Already on GitHub? Sign in to your account

Task "generates" not working as expected #1741

Closed
ameergituser opened this issue Aug 8, 2024 · 13 comments
Closed

Task "generates" not working as expected #1741

ameergituser opened this issue Aug 8, 2024 · 13 comments

Comments

@ameergituser
Copy link

  • Task version: Task version: v3.38.0 (h1:O7kgA6BfwktXHPrheByQO46p3teKtRuq1EpGnFxNzbo=)
  • Operating system: Linux
  • Experiments enabled: None

No fingerprinting for files listed in "generates" and hence it does not affect when the task executes the "cmds".

Example:

# https://taskfile.dev

version: '3'
silent: true

vars:
  GREETING: Hello, World!

tasks:
  default:
    cmds:
      - echo "{{.GREETING}}" > ./test.txt
    generates:
      - ./test.txt

Steps to reproduce:

  1. run task for the first time. It generates the test.txt file
  2. run task again. It always executes the cmds

Am i misunderstanding the generates feature?

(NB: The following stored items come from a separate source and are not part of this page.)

(* Let $p_\theta$ be a language model over $\Sigma$ depending differentiably on $\theta\in\mathbb{R}^d$ and $q$ a fixed language model over $\Sigma$ with $\mathrm{KL}(p_\theta\|q)<\infty$. Let $Y^{(1)},\dots,Y^{(M)}$ be i.i.d. samples from $p_\theta$ with eos-padded versions $\bar Y^{(m)}$. Define $$\widehat{\nabla}_{\mathrm{MC}}^{\le N}=\sum_{n=1}^N\frac1M\sum_{m=1}^M\log\frac{\overrightarrow{p}_\theta(\bar Y^{(m)}_n\mid\bar Y^{(m)}_{<n})}{\overrightarrow{q}(\bar Y^{(m)}_n\mid\bar Y^{(m)}_{<n})}\,\nabla_\theta\log\overrightarrow{p}_\theta(\bar Y^{(m)}_{\le N})$$ and $\widehat{\nabla}_{\mathrm{MC}}=\frac1M\sum_{m=1}^M\log\frac{p_\theta(Y^{(m)})}{q(Y^{(m)})}\nabla_\theta\log p_\theta(Y^{(m)})$. Then $\lim_{N\to\infty}\widehat{\nabla}_{\mathrm{MC}}^{\le N}=\widehat{\nabla}_{\mathrm{MC}}$.
   Context: $\Sigma$ is a finite non-empty alphabet, $\mathrm{eos}\notin\Sigma$, $\bar\Sigma=\Sigma\cup\{\mathrm{eos}\}$. A language model $p$ is a distribution over $\Sigma^*$; $\overrightarrow{p}(x)=\sum_{y\in\Sigma^*}p(xy)$, $\overrightarrow{p}(a\mid x)=\overrightarrow{p}(xa)/\overrightarrow{p}(x)$ for $a\in\Sigma$, $\overrightarrow{p}(\mathrm{eos}\mid x)=p(x)/\overrightarrow{p}(x)$. The eos-padded version $\bar Y$ of $Y\in\Sigma^*$ is $Y$ followed by infinitely many eos symbols; for a sequence $x\notin\Sigma^*$, $\overrightarrow{p}(a\mid x)=\mathbb{1}\{a=\mathrm{eos}\}$ (likewise for $q$). For a finite padded prefix, $\overrightarrow{p}(\bar y_{\le n})=\prod_{k=1}^n\overrightarrow{p}(\bar y_k\mid\bar y_{<k})$. Natural logarithm. *)

From HB Require Import structures.
From mathcomp Require Import all_boot all_order all_algebra.
From mathcomp Require Import all_classical all_reals all_analysis.
Set Implicit Arguments. Unset Strict Implicit. Unset Printing Implicit Defensive.
Import Order.TTheory GRing.Theory Num.Theory.
Import numFieldNormedType.Exports.
Local Open Scope classical_set_scope.
Local Open Scope ring_scope.

Section LM.
Variables (R : realType) (S : finType).

Definition is_lm (P : seq S -> R) : Prop :=
  (forall y, 0 <= P y) /\ (\esum_(y in [set: seq S]) (P y)%:E = 1%E).

Definition prefp (P : seq S -> R) (x : seq S) : R :=
  fine (\esum_(y in [set: seq S]) (P (x ++ y))%:E).

(* The extended alphabet S ∪ {eos} is  option S,  eos = None. *)
Definition condp (P : seq S -> R) (a : option S) (x : seq (option S)) : R :=
  if all (fun o => o != None) x then
    let x' := pmap id x in
    match a with
    | Some s => prefp P (rcons x' s) / prefp P x'
    | None => P x' / prefp P x'
    end
  else (a == None)%:R.

(* eos-padded version of y :  ybar y n = \bar y_(n+1)  (0-based index n) *)
Definition ybar (y : seq S) (n : nat) : option S := nth None (map Some y) n.

Definition ypre (y : seq S) (n : nat) : seq (option S) := mkseq (ybar y) n.

Definition prefpad (P : seq S -> R) (y : seq S) (N : nat) : R :=
  \prod_(1 <= k < N.+1) condp P (ybar y k.-1) (ypre y k.-1).

Definition klterm (a b : R) : \bar R :=
  if a == 0 then 0%E else if b == 0 then +oo%E else (a * ln (a / b))%:E.

Definition KL (P Q : seq S -> R) : \bar R :=
  (\esum_(y in [set: seq S]) maxe (klterm (P y) (Q y)) 0%E -
   \esum_(y in [set: seq S]) maxe (- klterm (P y) (Q y))%E 0%E)%E.

End LM.

Definition grad (R : realType) (d : nat) (f : 'rV[R]_d -> R) (th : 'rV[R]_d)
  : 'rV[R]_d := \row_(i < d) ('D_(delta_mx 0 i) f th).

Definition estN (R : realType) (S : finType) (d M : nat)
  (p : 'rV[R]_d -> seq S -> R) (q : seq S -> R) (th : 'rV[R]_d)
  (Y : 'I_M -> seq S) (N : nat) : 'rV[R]_d :=
  \sum_(1 <= n < N.+1)
    ((M%:R)^-1 *: \sum_(m < M)
       (ln (condp (p th) (ybar (Y m) n.-1) (ypre (Y m) n.-1) /
            condp q (ybar (Y m) n.-1) (ypre (Y m) n.-1))
        *: grad (fun th' => ln (prefpad (p th') (Y m) N)) th)).

Definition estMC (R : realType) (S : finType) (d M : nat)
  (p : 'rV[R]_d -> seq S -> R) (q : seq S -> R) (th : 'rV[R]_d)
  (Y : 'I_M -> seq S) : 'rV[R]_d :=
  (M%:R)^-1 *: \sum_(m < M)
     (ln (p th (Y m) / q (Y m)) *: grad (fun th' => ln (p th' (Y m))) th).

From HB Require Import structures.
From mathcomp Require Import all_boot all_order all_algebra.
From mathcomp Require Import all_classical all_reals all_analysis.
Import Order.TTheory GRing.Theory Num.Theory.
Import numFieldNormedType.Exports.
Local Open Scope classical_set_scope.
Local Open Scope ring_scope.
Set Implicit Arguments. Unset Strict Implicit.

(* Once N exceeds the length of every sample, the truncated estimator no longer
   depends on N. Along a padded sample y, the next-symbol conditionals
   telescope to the prefix probability of its first N padded symbols, which
   is frozen at p(y) as soon as the padding has started; so
   p->_th'(ybar_{<=N}) = p_th'(y) for every th' and the two gradients coincide.
   In the same way the sum of conditional log-ratios telescopes to
   ln (p_th(y) / q(y)), which is meaningful because KL(p_th || q) < oo forces
   q(y) > 0 wherever p_th(y) > 0. *)

Lemma le_esum_subset (R : realType) (T : choiceType) (I J : set T)
    (a : T -> \bar R) :
  I `<=` J -> (\esum_(i in I) a i <= \esum_(i in J) a i)%E.
Proof.
move=> IJ; rewrite ge_ereal_sup => //= _ [X [finX XI]] <-.
by apply: esum_ge; exists X => //; split=> // x /XI /IJ.
Qed.

Lemma ln_prod (R : realType) (I : Type) (r : seq I) (P : pred I) (F : I -> R) :
  (forall i, P i -> 0 < F i) ->
  ln (\prod_(i <- r | P i) F i) = \sum_(i <- r | P i) ln (F i).
Proof.
move=> F_gt0.
pose K (x y : R) := 0 < x /\ ln x = y.
suff [] : K (\prod_(i <- r | P i) F i) (\sum_(i <- r | P i) ln (F i)) by [].
apply: (big_rec2 K); first by split; rewrite ?ln1.
move=> i x y Pi [x_gt0 <-]; split; first by rewrite mulr_gt0 ?F_gt0.
by rewrite lnM ?posrE ?F_gt0.
Qed.

Section prefix_probability.
Variables (R : realType) (S : finType) (P : seq S -> R).
Hypothesis lmP : is_lm P.

Lemma esum_cat_le (x z : seq S) :
  (\esum_(y in [set: seq S]) (P ((x ++ z) ++ y))%:E <=
   \esum_(y in [set: seq S]) (P (x ++ y))%:E)%E.
Proof.
under eq_esum do rewrite -catA.
rewrite -(esum_image _ (cat z) (fun y => (P (x ++ y))%:E)); last first.
  by move=> a b _ _ /(congr1 (drop (size z))); rewrite !drop_size_cat.
by apply: le_esum_subset.
Qed.

Lemma prefpE (x : seq S) :
  (prefp P x)%:E = (\esum_(y in [set: seq S]) (P (x ++ y))%:E)%E.
Proof.
have sum_ge0 : (0 <= \esum_(y in [set: seq S]) (P (x ++ y))%:E)%E.
  by apply: esum_ge0 => y _; rewrite lee_fin lmP.1.
have sum_le1 : (\esum_(y in [set: seq S]) (P (x ++ y))%:E <= 1)%E.
  by rewrite -lmP.2; exact: (esum_cat_le [::] x).
by rewrite fineK // ge0_fin_numE // (le_lt_trans sum_le1) ?ltry.
Qed.

Lemma prefp_nil : prefp P [::] = 1.
Proof. by rewrite /prefp lmP.2. Qed.

Lemma prefp_cat_le (x z : seq S) : prefp P (x ++ z) <= prefp P x.
Proof. by rewrite -lee_fin !prefpE; exact: esum_cat_le. Qed.

Lemma le_prefp (x : seq S) : P x <= prefp P x.
Proof.
rewrite -lee_fin prefpE -[x in P x]cats0.
rewrite -(@esum_set1 _ _ [::] (fun y => (P (x ++ y))%:E)) ?lee_fin ?lmP.1 //.
exact: le_esum_subset.
Qed.

End prefix_probability.

Section padded_prefix.
Variables (R : realType) (S : finType).
Implicit Types (P : seq S -> R) (y : seq S).

(* Closed form of p->(ybar_{<=k}): after the first eos only eos can follow. *)
Definition padded_prefp P y (k : nat) : R :=
  if (k <= size y)%N then prefp P (take k y) else P y.

Lemma ypre_take y k : (k <= size y)%N -> ypre y k = map Some (take k y).
Proof.
move=> le_ky; apply: (@eq_from_nth _ None).
  by rewrite size_mkseq size_map size_take; case: ltngtP le_ky.
move=> i; rewrite size_mkseq => lt_ik.
by rewrite nth_mkseq // map_take nth_take.
Qed.

Lemma condp_pad P y k : (k <= size y)%N ->
  condp P (ybar y k) (ypre y k) = padded_prefp P y k.+1 / padded_prefp P y k.
Proof.
move=> le_ky; have all_some : all (fun o => o != None) (map Some (take k y)).
  by rewrite all_map; apply/allP.
rewrite /condp ypre_take // all_some (@map_pK _ _ id Some (fun=> erefl)).
rewrite /padded_prefp le_ky.
have [eq_ky | lt_ky] := eqVneq k (size y).
  rewrite /ybar nth_default ?size_map ?eq_ky ?ltnn ?take_size //.
have {}lt_ky : (k < size y)%N by rewrite ltn_neqAle lt_ky.
have x0 : S by case: (y) lt_ky => [|a].
by rewrite lt_ky /ybar (nth_map x0) // (take_nth x0).
Qed.

Lemma condp_pad_eos P y k : (size y < k)%N -> condp P (ybar y k) (ypre y k) = 1.
Proof.
move=> lt_yk; have eos_k : ybar y k = None.
  by rewrite /ybar nth_default // size_map ltnW.
have eos_in_ypre : None \in ypre y k.
  have <- : nth None (ypre y k) (size y) = None.
    by rewrite nth_mkseq // /ybar nth_default ?size_map.
  by apply: mem_nth; rewrite size_mkseq.
by rewrite /condp eos_k; case: ifP => // /allP/(_ _ eos_in_ypre); rewrite eqxx.
Qed.

Section language_model.
Variable P : seq S -> R.
Hypothesis lmP : is_lm P.

Lemma padded_prefp0 y : padded_prefp P y 0 = 1.
Proof. by rewrite /padded_prefp take0 prefp_nil. Qed.

Lemma le_padded_prefp y k : P y <= padded_prefp P y k.
Proof.
rewrite /padded_prefp; case: ifP => // _.
apply: le_trans (le_prefp lmP y) _.
by rewrite -{1}(cat_take_drop k y) prefp_cat_le.
Qed.

Lemma padded_prefp_ge0 y k : 0 <= padded_prefp P y k.
Proof. exact: le_trans (lmP.1 y) (le_padded_prefp y k). Qed.

Lemma padded_prefpS_le y k : padded_prefp P y k.+1 <= padded_prefp P y k.
Proof.
rewrite {1}/padded_prefp; case: ifP => [lt_ky | _]; last exact: le_padded_prefp.
rewrite /padded_prefp ltnW // -addn1 takeD; exact: prefp_cat_le.
Qed.

Lemma prefpadE y N : prefpad P y N = padded_prefp P y N.
Proof.
elim: N => [|N IHN]; first by rewrite /prefpad big_geq ?padded_prefp0.
rewrite /prefpad big_nat_recr //= -/(prefpad P y N) IHN.
have [le_Ny | lt_yN] := leqP N (size y); last first.
  by rewrite condp_pad_eos // mulr1 /padded_prefp !ifN // -ltnNge // ltnW.
rewrite condp_pad //.
(* With x / 0 = 0 the telescoping survives a vanishing prefix probability,
   since then all later ones vanish too. *)
have [fN_eq0 | fN_neq0] := eqVneq (padded_prefp P y N) 0; last first.
  by rewrite mulrC divfK.
apply/eqP; rewrite fN_eq0 mul0r eq_le padded_prefp_ge0 -fN_eq0.
exact: padded_prefpS_le.
Qed.

Lemma prefpad_eos y N : (size y < N)%N -> prefpad P y N = P y.
Proof. by move=> lt_yN; rewrite prefpadE /padded_prefp leqNgt lt_yN. Qed.

Lemma condp_pad_gt0 y k : 0 < P y -> 0 < condp P (ybar y k) (ypre y k).
Proof.
move=> Py_gt0; have [le_ky | lt_yk] := leqP k (size y); last first.
  by rewrite condp_pad_eos.
have padded_gt0 j : 0 < padded_prefp P y j.
  exact: lt_le_trans Py_gt0 (le_padded_prefp y j).
by rewrite condp_pad // divr_gt0.
Qed.

End language_model.

End padded_prefix.

Lemma sum_ln_condp_ratio (R : realType) (S : finType) (P Q : seq S -> R)
    (y : seq S) (N : nat) :
  is_lm P -> is_lm Q -> 0 < P y -> 0 < Q y ->
  \sum_(1 <= n < N.+1) ln (condp P (ybar y n.-1) (ypre y n.-1) /
                          condp Q (ybar y n.-1) (ypre y n.-1)) =
  ln (prefpad P y N / prefpad Q y N).
Proof.
move=> lmP lmQ Py_gt0 Qy_gt0.
have cP_gt0 n : 0 < condp P (ybar y n) (ypre y n) by exact: condp_pad_gt0.
have cQ_gt0 n : 0 < condp Q (ybar y n) (ypre y n) by exact: condp_pad_gt0.
rewrite /prefpad ln_div ?posrE ?prodr_gt0 // !ln_prod // -sumrB.
by apply: eq_bigr => n _; rewrite ln_div ?posrE.
Qed.

Section kl_divergence.
Variable R : realType.
Local Open Scope ereal_scope.

Lemma klterm_negpart_le (a b : R) : (0 <= a)%R -> (0 <= b)%R ->
  maxe (- klterm a b) 0 <= b%:E.
Proof.
move=> a_ge0 b_ge0; rewrite /klterm ge_max lee_fin b_ge0 andbT.
have [_ | a_neq0] := eqVneq a 0%R; first by rewrite oppe0 lee_fin.
have [_ | b_neq0] := eqVneq b 0%R; first exact: leNye.
have a_gt0 : (0 < a)%R by rewrite lt0r a_neq0.
have b_gt0 : (0 < b)%R by rewrite lt0r b_neq0.
rewrite -EFinN lee_fin -mulrN -lnV ?posrE ?divr_gt0 // invf_div.
have ln_lt := ln_sublinear (divr_gt0 b_gt0 a_gt0).
by apply: le_trans (ler_wpM2l a_ge0 (ltW ln_lt)) _; rewrite mulrC divfK.
Qed.

Lemma KL_lt_pinfty_gt0 (S : finType) (P Q : seq S -> R) (y : seq S) :
  is_lm P -> is_lm Q -> KL P Q < +oo -> (0 < P y)%R -> (0 < Q y)%R.
Proof.
move=> lmP lmQ KL_fin Py_gt0; rewrite lt0r lmQ.1 andbT; apply/negP => /eqP Qy0.
have posE : \esum_(x in [set: seq S]) maxe (klterm (P x) (Q x)) 0 = +oo.
  apply/eqP; rewrite -leye_eq.
  have <- : maxe (klterm (P y) (Q y)) 0 = +oo.
    by rewrite /klterm Qy0 eqxx (negbTE (lt0r_neq0 Py_gt0)).
  rewrite -(@esum_set1 _ _ y (fun x => maxe (klterm (P x) (Q x)) 0)).
    exact: le_esum_subset.
  by rewrite le_max lexx orbT.
have negE_fin : \esum_(x in [set: seq S]) maxe (- klterm (P x) (Q x)) 0 < +oo.
  apply: le_lt_trans (ltry 1); rewrite -lmQ.2; apply: le_esum => x _.
  exact: klterm_negpart_le (lmP.1 x) (lmQ.1 x).
(* Finiteness of the negative part matters: +oo - +oo = -oo < +oo. *)
move: KL_fin; rewrite /KL posE addye ?ltxx //.
by rewrite eqe_oppLR /= lt_eqF.
Qed.

End kl_divergence.

Lemma estN_eq_estMC (R : realType) (S : finType) (d M : nat)
    (p : 'rV[R]_d -> seq S -> R) (q : seq S -> R) (th : 'rV[R]_d)
    (Y : 'I_M -> seq S) (N : nat) :
  (forall th', is_lm (p th')) -> is_lm q ->
  (forall m, 0 < p th (Y m)) -> (forall m, 0 < q (Y m)) ->
  (forall m, (size (Y m) < N)%N) ->
  estN p q th Y N = estMC p q th Y.
Proof.
move=> lmp lmq p_gt0 q_gt0 lt_YN.
have grad_eq m : grad (fun th' => ln (prefpad (p th') (Y m) N)) th =
                 grad (fun th' => ln (p th' (Y m))) th.
  by congr grad; apply: funext => th'; rewrite prefpad_eos.
rewrite /estN /estMC; under eq_bigr do under eq_bigr do rewrite grad_eq.
rewrite -scaler_sumr exchange_big /=; congr (_ *: _).
apply: eq_bigr => m _.
by rewrite -scaler_suml sum_ln_condp_ratio // !prefpad_eos.
Qed.

Theorem lemma3 (R : realType) (S : finType) (d M : nat)
  (p : 'rV[R]_d -> seq S -> R) (q : seq S -> R) (th : 'rV[R]_d)
  (Y : 'I_M -> seq S) :
  (0 < #|S|)%N ->
  (forall th', is_lm (p th')) ->
  (forall th' y, differentiable (fun t => p t y) th') ->
  is_lm q ->
  (KL (p th) q < +oo)%E ->
  (forall m, 0 < p th (Y m)) ->
  estN p q th Y N @[N --> \oo] --> estMC p q th Y.
Proof.
move=> _ lmp _ lmq KL_fin p_gt0.
have q_gt0 m : 0 < q (Y m).
  exact: KL_lt_pinfty_gt0 (lmp th) lmq KL_fin (p_gt0 m).
apply: cvg_near_cst; exists (\max_(m < M) size (Y m)).+1 => // N /= le_maxN.
apply: estN_eq_estMC => // m; apply: leq_ltn_trans le_maxN.
exact: leq_bigmax.
Qed.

I assumed that files in the generates would be fingerprinted and when these files are changed, then the cmds would then execute?

@task-bot task-bot added the state: needs triage Waiting to be triaged by a maintainer. label Aug 8, 2024
@ddouglas
Copy link

I'm experiencing this same issue.

version: "3"

tasks:
  fbuild:
    cmds:
      - ./.scripts/fbuild.sh
    sources:
      - ./functions/**/*.go
    generates:
      - ./.handlers/**
  dbuild:
    cmds:
      - ./.scripts/dbuild.sh
    generates:
      - ./prolog-core.tar
  terraform:
    deps: [fbuild, dbuild]
    dir: "./terraform"
    cmds:
      - ls -lha

@vmaerten
Copy link
Member

Hello !
With generates you need to use sources as well. sources is used to calculate the checksum

# https://taskfile.dev/

version: '3'
silent: true

vars:
  GREETING: Hello, World!

tasks:
  default:
    cmds:
      - echo "{{.GREETING}}" > ./test.txt
     sources:
      - ./test.txt
    generates:
      - ./test.txt

Note

As you are modifying the file in the cmds and the checksum is calculated before cmds are run, you will always get an extra run :

task # checksum is calculated with no test.txt, then the file is created
task # checksum is calculated with test.txt with the content
task # task is up to date 

image

@vmaerten vmaerten closed this as not planned Won't fix, can't repro, duplicate, stale Aug 12, 2024
@task-bot task-bot removed the state: needs triage Waiting to be triaged by a maintainer. label Aug 12, 2024
@ameergituser
Copy link
Author

Hi @vmaerten. Thank you for the response. May i ask what is the purpose of "generates" currently?

@vmaerten
Copy link
Member

@ameergituser it's used to split "sources" and "binary generated"
Let's say you have an application to build (no matter the language, can be Go, Ts, Rust, etc.), so you have sources (all go files for example) and a binary resulting from the compilation.
You want the task run if:

  • A change has been made in sources
    OR
  • The binary is not here

You can find an example showing this usecase directly in our codebase :

task/Taskfile.yml

Lines 81 to 88 in 51c569e

sleepit:build:
desc: Builds the sleepit test helper
sources:
- ./cmd/sleepit/**/*.go
generates:
- "{{.BIN}}/sleepit"
cmds:
- go build -o {{.BIN}}/sleepit{{exeExt}} ./cmd/sleepit

That being said, in your example generates is not needed, you can only provide sources :

image

Does my message answer your question ?

@ameergituser
Copy link
Author

Hi @vmaerten.

Thank you for the explanation. Perhaps an update of the documentation is needed to better explain the behavior?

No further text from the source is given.